Most of Gordon's work is in the idiom of giant monster films, for which he used rear-projection to create the special effects. He was nicknamed "Mr. B.I.G." by Forrest J Ackerman, a reference to both his initials and his films' tendency to feature super-sized creatures.

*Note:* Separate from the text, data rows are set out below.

Lemma current_op_inv_step R p n s l s' :
  (forall ph ph', phase_next ph ph' -> R ph -> R ph') ->
  current_op_inv R p n s -> pstep s l s' -> current_op_inv R p n s'.
Proof.
move=> R_next [le_n cur] /step_monotone[cnt_le _ ph_next _].
split=> [|cnt_n]; first exact: leq_trans le_n (cnt_le p).
have same : cnt s' p = cnt s p by apply/eqP; rewrite eqn_leq cnt_le andbT cnt_n.
by apply: R_next (ph_next p same) (cur _); rewrite -same.
Qed.

Section Visibility.
Variables (A : seq Node) (t : ptag W) (c0 : nat) (q : W).

Definition stored (s : pstate) : Prop :=
  forall j, j \in A -> j \notin Byz -> has_tag_ge t (lists s j).

Definition reply_ok (s : pstate) j (e : entry W E) : Prop :=
  j \in A -> j \notin Byz -> tag_le t (etag e) /\ e \in signed s.

Definition replies_ok (s : pstate) : Prop :=
  forall j p c e, List.In (Msg (node j) (proc q) (RTag p c e)) (net s) -> c0 < c -> reply_ok s j e.

Definition collected_ok (s : pstate) : Prop :=
  forall v reps, cst s q = GetTag v reps -> c0 < cnt s q ->
  forall j e, (j, e) \in reps -> reply_ok s j e.

(* Holds from the moment an operation with tag [t] completes with acknowledgements from [A],
   [c0] being the counter of [q] at that moment. *)
Definition visible (s : pstate) : Prop := [/\ stored s, replies_ok s & collected_ok s].

Lemma reply_ok_monotone s s' j e : monotone s s' -> reply_ok s j e -> reply_ok s' j e.
Proof. by case=> _ sg_sub _ _ ok jA correct_j; have [le_t /sg_sub] := ok jA correct_j. Qed.

Lemma stored_step s l s' : nodes_wf s -> stored s -> pstep s l s' -> stored s'.
Proof.
move=> nwf st_ok /step_monotone mono j jA correct_j.
exact: monotone_has_tag_ge mono (nwf j).1 (st_ok j jA correct_j).
Qed.

Lemma replies_ok_step s l s' :
  nodes_wf s -> stored s -> replies_ok s -> pstep s l s' -> replies_ok s'.
Proof.
move=> nwf st_ok rep_ok st; have mono := step_monotone st.
have old j p c e :
    List.In (Msg (node j) (proc q) (RTag p c e)) (net s) -> c0 < c -> reply_ok s' j e.
  by move=> in_m lt_c; apply: reply_ok_monotone mono (rep_ok _ _ _ _ in_m lt_c).
move: nwf st_ok old; case: st => {s l s' rep_ok mono}.
- by move=> s p o _ _ _ old j p' c e /In_cat[/old //|/In_bcast[]].
- by move=> s p _ _ _ old j p' c e /old.
- move=> s n1 n2 j src p c e net_s _ e_in e_max nwf st_ok old j' p' c' e'.
  case/(In_replace_inv net_s) => [/old //|[-> _ _ _ ->] _ jA correct_j].
  have [y y_in le_ty] := hasP (st_ok j jA correct_j).
  by split; [apply: tag_le_trans le_ty (allP e_max y y_in) | apply: (nwf j).2].
- by move=> s n1 n2 j src p c net_s _ _ _ old j' p' c' e' /(In_replace_inv net_s)[/old|].
- by move=> s n1 n2 j src p c e net_s _ _ _ old j' p' c' e' /(In_replace_inv net_s)[/old|].
- by move=> s n1 n2 j src bd net_s _ _ _ old j' p' c' e' /(In_remove_inv net_s)/old.
- by move=> s n1 n2 p src bd net_s _ _ old j' p' c' e' /(In_remove_inv net_s)/old.
- move=> s j dst bd byz_j _ _ _ old j' p' c' e' /In_cat[/old //|[[<- _ _]|[]]] _ _.
  by rewrite byz_j.
- by move=> s p v reps t' _ _ _ _ _ _ old j' p' c' e' /In_cat[/old //|/List.in_map_iff[? []]].
- move=> s p reps t' v _ _ vl occ _ _ _ _ _ old j' p' c' e'.
  by case/In_cat=> [/old //|/List.in_map_iff[? []]].
- by move=> s p t' acks _ _ _ _ old j' p' c' e' /old.
Qed.

Lemma collected_ok_frame s s' : monotone s s' -> collected_ok s ->
  cst s' q = cst s q -> cnt s' q = cnt s q -> collected_ok s'.
Proof.
move=> mono col_ok cst_q cnt_q v reps; rewrite cst_q cnt_q => cst_s lt_c j e in_reps.
exact: reply_ok_monotone mono (col_ok v reps cst_s lt_c j e in_reps).
Qed.

Lemma collected_ok_upd s s' p cs : monotone s s' -> collected_ok s ->
  cst s' = upd (cst s) p cs -> (q != p -> cnt s' q = cnt s q) ->
  (q = p -> collected_ok s') -> collected_ok s'.
Proof.
move=> mono col_ok cst_s' cnt_q at_p; have [/at_p //|ne] := eqVneq q p.
by apply: collected_ok_frame mono col_ok _ (cnt_q ne); rewrite cst_s' /upd (negPf ne).
Qed.

Lemma collected_ok_step s l s' : replies_ok s -> collected_ok s -> pstep s l s' -> collected_ok s'.
Proof.
move=> rep_ok col_ok st; have mono := step_monotone st; move: mono rep_ok col_ok.
case: st => {s l s'}; try by intros; apply: (collected_ok_frame (s := s)).
- move=> s p o _ mono _ col_ok; apply: collected_ok_upd mono col_ok _ _ _ => //=.
    by rewrite /upd => /negPf ->.
  by move=> qp v reps; subst p; rewrite /= /upd eqxx; case: o => // v' [_ <-].
- move=> s p _ mono _ col_ok; apply: collected_ok_upd mono col_ok _ _ _ => //= qp.
  by move=> v reps; subst p; rewrite /= /upd eqxx.
- move=> s n1 n2 p src bd net_s mono rep_ok col_ok.
  apply: (collected_ok_upd mono col_ok) => //= qp; subst p.
  move: col_ok; rewrite /collected_ok /= /upd eqxx.
  case: crecvP => [cs|j v reps e src_j bd_tag _|//|//] col_ok v' reps' //.
    by move=> /col_ok; apply.
  case=> _ <- lt_c j' e'; rewrite mem_rcons inE => /predU1P[[-> ->]|in_reps].
    by apply: (rep_ok j q) lt_c; rewrite -src_j -bd_tag; apply: In_mid net_s.
  exact: col_ok lt_c _ _ in_reps.
- move=> s p v reps t' _ _ _ _ mono _ col_ok; apply: collected_ok_upd mono col_ok _ _ _ => //= qp.
  by move=> v' reps'; subst p; rewrite /= /upd eqxx.
- move=> s p reps t' v _ _ vl occ _ _ _ mono _ col_ok.
  apply: collected_ok_upd mono col_ok _ _ _ => //= qp.
  by move=> v' reps'; subst p; rewrite /= /upd eqxx.
- move=> s p t' acks _ _ mono _ col_ok; apply: collected_ok_upd mono col_ok _ _ _ => //= qp.
  by move=> v reps; subst p; rewrite /= /upd eqxx.
Qed.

The 20th Insect Fear Film Festival at UIUC in 2003 honored Gordon with a retrospective and showcase of his iconic films featuring giant insects. With at least ten titles focused on oversized bugs, Gordon was celebrated as the festival's special guest and received a plaque and certificate in recognition of his lasting contributions to the "big bug" genre.

==Career==
Gordon was born in Kenosha, Wisconsin, on September 24, 1922, the son of Sadeline (Barnett) and Charles Abraham Gordon. He began making home movies in 16mm after his aunt gave him a camera for his 13th birthday. He dropped out of college to join the Army Air Forces in World War II. After the war, he married and he and his wife began making television commercials. He later edited British feature films to fit half-hour time slots and became a production assistant on Racket Squad (1951-53) and camera man on Serpent Island (1954).

In 1955, Gordon made his first feature, King Dinosaur, followed by The Cyclops in 1957, which co-starred Lon Chaney Jr. and Gloria Talbot. In 1957, he began his prolific association with American International Pictures, beginning with The Amazing Colossal Man and its 1958 sequel, War of the Colossal Beast. AIP distributed all of his other late-50s opuses: Beginning of the End, featuring Peter Graves, in 1957, and Earth vs the Spider and Attack of the Puppet People in 1958.

In 1960, after filming Tormented, he wrote, produced and directed The Boy and the Pirates, starring active and popular child star of the time Charles Herbert and Gordon's own daughter, Susan Gordon. In October, Gordon sued AIP for fraud over four films they made together.

On June 27, 2006, Sony Pictures Home Entertainment released a Midnite Movies double DVD set with the rarely seen The Boy and the Pirates, and Crystalstone (1987) by Mexican director Antonio Peláez.

In 2012, Gordon hosted and moderated a screening of The Amazing Colossal Man in Dallas, Texas.

Gordon held a degree from the University of Wisconsin–Madison.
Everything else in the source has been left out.